Hat allein der Verstorbene den Vertrag unterschrieben, dürfen Ehepartner, eingetragene Lebenspartner oder im Haushalt wohnende Kinder in den Vertrag als Mieter eintreten. Wenn sie keinen Gebrauch davon machen, haben auch andere Personen, die mit im gleichen Haushalt leben, das Recht auf Eintritt in den Vertrag.

Punkt 12: Laufende Verbraucherverträge kündigen


Erben sollten daran denken, dass sehr wahrscheinlich diverse Verträge des Verstorbenen noch weiterlaufen.

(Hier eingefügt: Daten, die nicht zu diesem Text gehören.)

Definition lin (a : 'rV[R]_t) : 'rV[R]_m := \sum_k a 0 k *: g k.

Lemma linB a b : lin (a - b) = lin a - lin b.
Proof. by rewrite /lin -sumrB; apply: eq_bigr => k _; rewrite !mxE scalerBl. Qed.
Lemma linZ r a : lin (r *: a) = r *: lin a.
Proof. by rewrite /lin scaler_sumr; apply: eq_bigr => k _; rewrite mxE scalerA. Qed.
Lemma lin_sum (I : Type) (r : seq I) (P : pred I) (F : I -> 'rV[R]_t) :
  lin (\sum_(i <- r | P i) F i) = \sum_(i <- r | P i) lin (F i).
Proof.
rewrite /lin exchange_big /=; apply: eq_bigr => k _.
by rewrite summxE scaler_suml.
Qed.
Lemma lin_ebas l : lin (ebas R l) = g l.
Proof.
rewrite /lin /ebas (bigD1 l) //= mxE !eqxx scale1r big1 ?addr0 // => k nk.
by rewrite mxE eqxx (negbTE nk) scale0r.
Qed.

(* s_ij is a syzygy: this is the standard representation of SP(g_i, g_j). *)
Lemma syzvec_syz i j : pairI i j -> lin (s i j) = 0.
Proof.
move=> P; have [E _ _] := Hh P; rewrite /syzvec !linB !linZ !lin_ebas lin_sum.
rewrite -/(SP x le coef supp g i j) E; apply/eqP; rewrite subr_eq0; apply/eqP.
by apply: eq_bigr => k _; rewrite linZ lin_ebas.
Qed.

Lemma syzvecE i j k : s i j 0 k =
  (if k == i then rc i j else 0) - (if k == j then rc j i else 0) - h i j k.
Proof.
rewrite /syzvec !mxE summxE (bigD1 k) //= big1 => [|l nl]; last first.
  by rewrite !mxE eqxx /= eq_sym (negbTE nl) mulr0.
by rewrite addr0 !mxE !eqxx /= mulr1; case: (k == i); case: (k == j); rewrite ?mulr1 ?mulr0.
Qed.

Definition cij i j := msub (mjoin (al i) (al j)) (al i).
Notation J i j := (mjoin (al i) (al j)).

Lemma mjoinC (a b : mon n) : mjoin a b = mjoin b a.
Proof. by apply: eq_from_tnth => k; rewrite !tnth_mktuple maxnC. Qed.

Lemma cij_add i j : madd (cij i j) (al i) = J i j.
Proof. by rewrite maddC msubK // => k; rewrite tnth_mktuple leq_maxl. Qed.

Lemma key_cij i j : key ge (cij i j, i) = (J i j, lv i).
Proof. by rewrite /key /shift /= cij_add. Qed.

Lemma rc_coef i j c : coef (rc i j) c = if c == cij i j then (qc x coef (cij i j) (al i))^-1 else 0.
Proof.
have [iD _] := inv_D HR (qc_D HR (cij i j) (al i)) (qc_neq0 HR _ _).
rewrite /rc /sexpg !Hge (coefZ HR) // (coef_xm HR).
by case: eqP; rewrite ?mulr1 ?mulr0.
Qed.

Lemma sexpr_rc i j : sexp (rc i j) = Some (cij i j).
Proof.
have [iD inz] := inv_D HR (qc_D HR (cij i j) (al i)) (qc_neq0 HR _ _).
by rewrite /rc /sexpg !Hge (sexprZ HR) // (sexpr_xm HR).
Qed.

Lemma rcg_bound i j l c : coef (rc i j * g i 0 l) c != 0 -> top (c, l) (J i j, lv i).
Proof. by rewrite -cij_add; exact: (lead_bound HR (sexpr_rc i j) (vexp_g i)). Qed.

Lemma rcg_lead i j : coef (rc i j * g i 0 (lv i)) (J i j) = 1.
Proof.
rewrite -cij_add (lead_coef_mul HR (sexpr_rc i j) (vexp_g i) (Hge1 i)) rc_coef eqxx.
by rewrite mulVr // (unit_D HR (qc_D HR _ _) (qc_neq0 HR _ _)).
Qed.

Lemma SP_bound i j l c : pairI i j ->
  coef (SP x le coef supp g i j 0 l) c != 0 -> topLt le (c, l) (J i j, lv i).
Proof.
move=> /pairIP [_ El]; rewrite /SP !mxE (coefB HR) => H.
have B : top (c, l) (J i j, lv i).
  have [z|] := eqVneq (coef (rc i j * g i 0 l) c) 0; last exact: rcg_bound.
  by rewrite mjoinC El; apply: rcg_bound; move: H; rewrite z sub0r oppr_eq0.
rewrite /topLt B; apply: contra H => /eqP [-> ->].
by rewrite rcg_lead El mjoinC rcg_lead subrr.
Qed.

Lemma h_bound i j k c : pairI i j ->
  coef (h i j k) c != 0 -> topLt le (madd c (al k), lv k) (J i j, lv i).
Proof.
move=> P H; have [_ h0 hexp] := Hh P.
have hk : h i j k != 0 by apply: contra H => /eqP ->; rewrite (coef0 HR).
have nSP : SP x le coef supp g i j != 0 by apply: contra hk => /eqP /h0 ->.
have [[e1 e2] Ee] := vexp_some HR (topLe le) nSP.
have [b Eb] := sexpr_some HR hk; have [_ Hb] := sexprP HR Eb.
have [below _] := hexp _ Ee.
have t1 := below k b (al k, lv k) Eb (vexp_g k).
have t0 : top (madd c (al k), lv k) (madd b (al k), lv k).
  by apply: top_mono; apply: (le_add Hadm); exact: Hb.
apply: (top_lt_trans Hadm (top_trans Hadm t0 t1)).
by apply: SP_bound P _; have [] := vexpP_top HR Ee.
Qed.

Lemma vexp_syzvec i j : pairI i j -> vexp supp ordv (s i j) = Some (cij i j, i).
Proof.
move=> P; have [ij El] := pairIP P.
have ji : (i == j) = false by apply/negbTE; rewrite neq_ltn ij.
have hi : coef (h i j i) (cij i j) = 0.
  apply: contraTeq isT => /(h_bound P); rewrite cij_add.
  by rewrite /topLt eqxx andbF.
apply: (vexp_eq HR ordv_total ordv_trans ordv_anti) => /= [|[c k] /=].
  rewrite syzvecE eqxx eq_sym ji subr0 (coefB HR) hi subr0 rc_coef eqxx.
  by rewrite eq_sym; have [] := inv_D HR (qc_D HR (cij i j) (al i)) (qc_neq0 HR _ _).
rewrite syzvecE !(coefB HR) => H.
have [|Hk] := eqVneq (coef (h i j k) c) 0; last by rewrite /ordGf key_cij (h_bound P Hk).
move=> Hk; move: H; rewrite Hk subr0.
have [->|ki] := eqVneq k i.
  rewrite ji (coef0 HR) subr0 rc_coef.
  by case: (eqVneq c (cij i j)) => [-> _|_]; [exact: ordGf_refl | rewrite eqxx].
have [->|kj] := eqVneq k j; last by rewrite !(coef0 HR) subrr eqxx.
rewrite (coef0 HR) sub0r oppr_eq0 rc_coef.
case: (eqVneq c (cij j i)) => [-> _|_]; last by rewrite eqxx.
rewrite /ordGf key_cij /key /shift /= cij_add mjoinC -El eqxx /=.
by rewrite ltnW ?orbT.
Qed.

Dies können Abos sein, Mitgliedschaften, Fitnessverträge, Handyverträge... Wichtig ist es, sich einen Überblick zu verschaffen und diese Verträge zu kündigen. Eine Kopie der Sterbeurkunde reicht meist als Nachweis aus.

Schwieriger kann es beim digitalen Nachlass sein. Dazu haben wir hier nähere Informationen:
Digitales Erbe - Was passiert mit dem Online-Nachlass?

Praxistipp zur Erbschaft


Bei vielen erbrechtlichen Fragen gibt es Beratungsbedarf. Oft geht es um viel Geld. Einverständliche Lösungen können helfen, langwierige und teure Familienstreitigkeiten zu vermeiden. Häufig kann durch die Beratung eines Fachanwalts für Erbrecht eine Lösung gefunden werden. Dieser kann auch dabei helfen, die eigenen Ansprüche durchzusetzen.